ACTIVITY: Everything from the line containing "From mathcomp Require Import all_boot." through the end of the data below should be copied exactly, with no other lines.

DATA:
——

(* Let $\mathcal T$ be an orbital category and $\mathcal C$ a $\mathcal T$-weak indexing system. Then: (1) $\mathcal C$ has one color if and only if $c(\mathcal C)=\mathcal T$; (2) $\mathcal C$ satisfies the condition ''for all $S\sqcup S'\in\mathcal C_V$, $S,S'\in\mathcal C_V$'' if and only if $\upsilon(\mathcal C)=c(\mathcal C)$; (3) $\mathcal C$ is unital if and only if $\upsilon(\mathcal C)=\mathcal T$; (4) $\mathcal C$ is an indexing system if and only if $\upsilon(\mathcal C)\cap\nabla(\mathcal C)=\mathcal T$.
   Context: For a small category $\mathcal T$, $\mathbb F_{\mathcal T}$ is the full subcategory of $\mathrm{Fun}(\mathcal T^{op},\mathrm{Set})$ on finite coproducts of representables; $\mathcal T$ is orbital if $\mathbb F_{\mathcal T}$ has pullbacks. $\mathbb F_V:=\mathbb F_{\mathcal T,/V}$, $*_V$ terminal, $\emptyset_V$ initial, $n\cdot S$ the $n$-fold coproduct; for $U\to V$ in $\mathcal T$, $\mathrm{Res}^V_U$ is pullback and $\mathrm{Ind}^V_U$ postcomposition. A full $\mathcal T$-subcategory $\mathcal C$ assigns isomorphism-closed classes $\mathcal C_V\subseteq\mathrm{Ob}\,\mathbb F_V$ stable under all restrictions. For $S\in\mathbb F_V$ with orbits $U\in\mathrm{Orb}(S)$ and $T_U\in\mathbb F_U$, $\coprod_U^ST_U:=\coprod_U\mathrm{Ind}_U^VT_U$. A $\mathcal T$-weak indexing system is a full $\mathcal T$-subcategory $\mathcal C$ with $\mathcal C_V\neq\emptyset\Rightarrow *_V\in\mathcal C_V$ and closed under $\coprod^S_U T_U$ for $S\in\mathcal C_V$, $T_U\in\mathcal C_U$. It has one color if $\mathcal C_V\neq\emptyset$ for all $V$; it is unital if it has one color and $S\sqcup S'\in\mathcal C_V$ implies $S,S'\in\mathcal C_V$; it is an indexing system if every $\mathcal C_V$ is closed under finite coproducts in $\mathbb F_V$. $c(\mathcal C)=\{V\mid *_V\in\mathcal C_V\}$, $\upsilon(\mathcal C)=\{V\mid\emptyset_V\in\mathcal C_V\}$, $\nabla(\mathcal C)=\{V\mid 2\cdot *_V\in\mathcal C_V\}$. *)

From mathcomp Require Import all_boot.
Set Implicit Arguments.
Unset Strict Implicit.
Unset Printing Implicit Defensive.

Record Category := {
  Obj :> Type;
  Hom : Obj -> Obj -> Type;
  cid : forall a, Hom a a;
  comp : forall a b c, Hom b c -> Hom a b -> Hom a c;
  comp_assoc : forall a b c d (h : Hom c d) (g : Hom b c) (f : Hom a b),
      comp h (comp g f) = comp (comp h g) f;
  comp_id_l : forall a b (f : Hom a b), comp (cid b) f = f;
  comp_id_r : forall a b (f : Hom a b), comp f (cid a) = f
}.
Arguments Hom {c} : rename.
Arguments cid {c} : rename.
Arguments comp {c a b c0} : rename.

——

RESPONSE AREA:
From mathcomp Require Import all_boot.
Set Implicit Arguments.
Unset Strict Implicit.
Unset Printing Implicit Defensive.

Record Category := {
  Obj :> Type;
  Hom : Obj -> Obj -> Type;
  cid : forall a, Hom a a;
  comp : forall a b c, Hom b c -> Hom a b -> Hom a c;
  comp_assoc : forall a b c d (h : Hom c d) (g : Hom b c) (f : Hom a b),
      comp h (comp g f) = comp (comp h g) f;
  comp_id_l : forall a b (f : Hom a b), comp (cid b) f = f;
  comp_id_r : forall a b (f : Hom a b), comp f (cid a) = f
}.
Arguments Hom {c} : rename.
Arguments cid {c} : rename.
Arguments comp {c a b c0} : rename.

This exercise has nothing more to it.